При этих словах дед всегда оглядывался по углам и тихо ронял:
— Сколько раз тебе говорил, чтобы ты держала свой длинный язык за зубами. В Нарым за другими захотела, что ли?
— А я тебе говорю — пустой, — начинала кричать бабушка так, что ее можно было услышать на улице. — Я не о себе, я о колхозном добре пекусь. Для чего тогда мы садили эту картошку, спрашиваю я тебя?
Бабушка распалялась все больше и больше, и дед, видя, что ее уже не унять, собирался и уходил чинить забор или ремонтировать что-нибудь в сарайке. Дела в доме всегда найдутся.
Сухорукова в деревне не любили, но боялись. Каким бы пустым он не был, а в ссылку отправил многих. У него власть, связи в районе. Все знали, что он возит туда и мед, и сало, и муку целыми мешками.
Завтра надо будет спросить Безрядьева о других новоселовских переселенцах, подумал я и повернулся к нему. Но он ровно дышал, и мне показалось, что Антон уже уснул.
Я отвернулся, закрыл глаза и мне почему-то вспомнилась Катя. Ее большие светло-карие глаза, красивый профиль с туго стянутым на затылке узлом темных волос. Эту прическу она сделала для того, чтобы казаться старше и серьезней. Когда она распускала волосы, с ее лица исчезала учительская строгость и она сразу становилась похожей на девчонку. Ей очень шли распущенные волосы.

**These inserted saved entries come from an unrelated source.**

(* Let $\lambda_1\in\mathrm{Dyck}(2n_1)$, $\lambda_2\in\mathrm{Dyck}(2n_2)$, $\lambda=\lambda_1*\lambda_2$, let $a,b,i\ge0$ be integers, $\mu_1\in L(\lambda_1;a,i)$, $\mu_2\in L(\lambda_2;i,b)$ and $\mu=\mu_1*\mu_2$ (so $\mu\in L(\lambda;a,b)$). Then there is a bijection $\phi:\mathcal{TD}(\lambda/\mu)\to \mathcal{TD}(\lambda_1/\mu_1)\times\mathcal{TD}(\lambda_2/\mu_2)$ such that if $\phi(T)=(T_1,T_2)$ then $\|T\|=\|T_1\|+\|T_2\|$.
   Context: A Dyck path of length $2n$ is a lattice path from $(0,0)$ to $(n,n)$ with up steps $(0,1)$ and down steps $(1,0)$ never going below $y=x$; $\mathrm{Dyck}(2n)$ is their set. For lattice paths $\nu,\rho$, $\nu*\rho$ is the path obtained by translating $\rho$ so that its starting point is the endpoint of $\nu$ and concatenating. For $\lambda\in\mathrm{Dyck}(2n)$ and integers $a,b\ge0$, let $O=(0,0)$, $N=(n,n)$, $A=O+(-a,a)$, $B=N+(-b,b)$, and $L(\lambda;a,b)$ the set of lattice paths with steps $(0,1),(1,0)$ from $A$ to $B$ never going below $\lambda$. For $\mu\in L(\lambda;a,b)$, $\lambda/\mu$ is the region bounded by $\lambda$, $\mu$ and the segments $OA$, $NB$. A Dyck tile is an edge-connected set of unit cells with no $2\times2$ block whose cell centers, joined by unit up/right moves, form a translated Dyck path; its length is the length of that path. A truncated Dyck tile is obtained from a Dyck tile of positive length by cutting its northeast and southwest cells along their diagonals of slope $-1$ and removing the northeast half of the northeast cell and the southwest half of the southwest cell; its half-length is half the length of the original Dyck tile. A truncated Dyck tiling of $\lambda/\mu$ is a set $T$ of truncated Dyck tiles with disjoint interiors contained in $\lambda/\mu$ such that (i) for each $\eta\in T$, if $(\eta+(1,-1))\cap\lambda/\mu$ has nonempty interior then another tile of $T$ contains $\eta+(1,-1)$, and (ii) no two tiles share a border segment of slope $-1$. $\mathcal{TD}(\lambda/\mu)$ is their set; $\|T\|$ is the sum of the half-lengths of the tiles of $T$. *)

From HB Require Import structures.
From mathcomp Require Import all_boot all_order all_algebra.
Set Implicit Arguments. Unset Strict Implicit. Unset Printing Implicit Defensive.
Import Order.TTheory GRing.Theory Num.Theory.
Local Open Scope ring_scope.

(* Lattice paths are encoded by their step sequences:                  *)
(*   true  = up step    (0,1)                                          *)
(*   false = right step (1,0)                                          *)

Definition ups (p : seq bool) (k : nat) : nat := count id (take k p).
Definition rts (p : seq bool) (k : nat) : nat := count negb (take k p).

(* "height" y - x of the k-th point of p, relative to its starting point *)
Definition hgt (p : seq bool) (k : nat) : int := (ups p k)%:Z - (rts p k)%:Z.

Definition is_dyck (n : nat) (p : seq bool) : Prop :=
  size p = (2 * n)%N /\
  (forall k, (k <= size p)%N -> (rts p k <= ups p k)%N) /\
  ups p (size p) = rts p (size p).

(* mu \in L(lam; a, b): a lattice path from A = (-a,a) to
   B = N + (-b,b) (N = (n,n) the endpoint of lam, size lam = 2n) never going
   below lam.  A path from A to B has exactly 2n steps; its k-th point is
   A + (rts mu k, ups mu k), which lies on the same anti-diagonal x + y = k as
   the k-th point of lam; "not below lam" means y - x is at least that of lam. *)
Definition inL (lam : seq bool) (a b : nat) (mu : seq bool) : Prop :=
  size mu = size lam /\
  (forall k, (k <= size lam)%N -> hgt lam k <= (2 * a)%:Z + hgt mu k) /\
  (2 * a)%:Z + hgt mu (size lam) = (2 * b)%:Z.

Definition pt_in (lam mu : seq bool) (a : nat) (X Y : int) : bool :=
  let t := X + Y in let h := Y - X in
  [&& 0 <= t, t <= (size lam)%:Z,
      hgt lam (absz t) <= h & h <= (2 * a)%:Z + hgt mu (absz t)].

— Хоть бы раз прошлась так по улице, — вырвалось однажды у меня.
— Да ты что? — испугалась Катя. — Еще влюбится какой-нибудь ученик, что я буду с ним делать?
— Я выпорю его и поставлю в классе в угол на целый день, — стараясь сохранить серьезность, сказал я. — Пусть другие смотрят на разложенца и делают для себя вывод.
Катя вспыхнула и отвернулась, давая понять, что не хочет продолжать разговор на эту тему. Она пыталась придать своему лицу строгий вид, но у нее это не получилось. Катя понимала, что я говорю комплименты, но не хотела показать, что они ей нравятся. Я уже давно признался себе, что люблю ее. Иногда казалось, что она тоже неравнодушна ко мне. Но я боялся открыться ей в своей любви. Боялся, что она отринет ее, и тогда я навсегда потеряю Катю. Мне вспомнились слова моей хозяйки, заметившей однажды:
— В таких делах надо быть настойчивым. Вода, батюшко, и камень точит.
В ту ночь мне так и не удалось сомкнуть глаз. Едва я смежил ресницы, как меня начал толкать в бок Антон.
— Проспали мы, паря, зорю, — сокрушенно произнес он. — Время половина пятого.
Я вылез из-под одеяла и, натянув сапоги, выполз из палатки. Снаружи было холодно. Костер потух, серая зола стала мокрой. Вдоль всего берега залива всплыла тоненькая корочка льда и, чтобы зачерпнуть пригоршню воды, его пришлось разбить сапогом.
Я умылся и сразу замерз.
Антон в это время развел костер и подогрел вчерашний чай. Мы наскоро перекусили и, захватив старенькую одноместную резиновую лодку Антона, пошли к нашим скрадкам. Оказалось, что Безрядьев не подобрал вчера с воды двух уток и теперь надо было достать их.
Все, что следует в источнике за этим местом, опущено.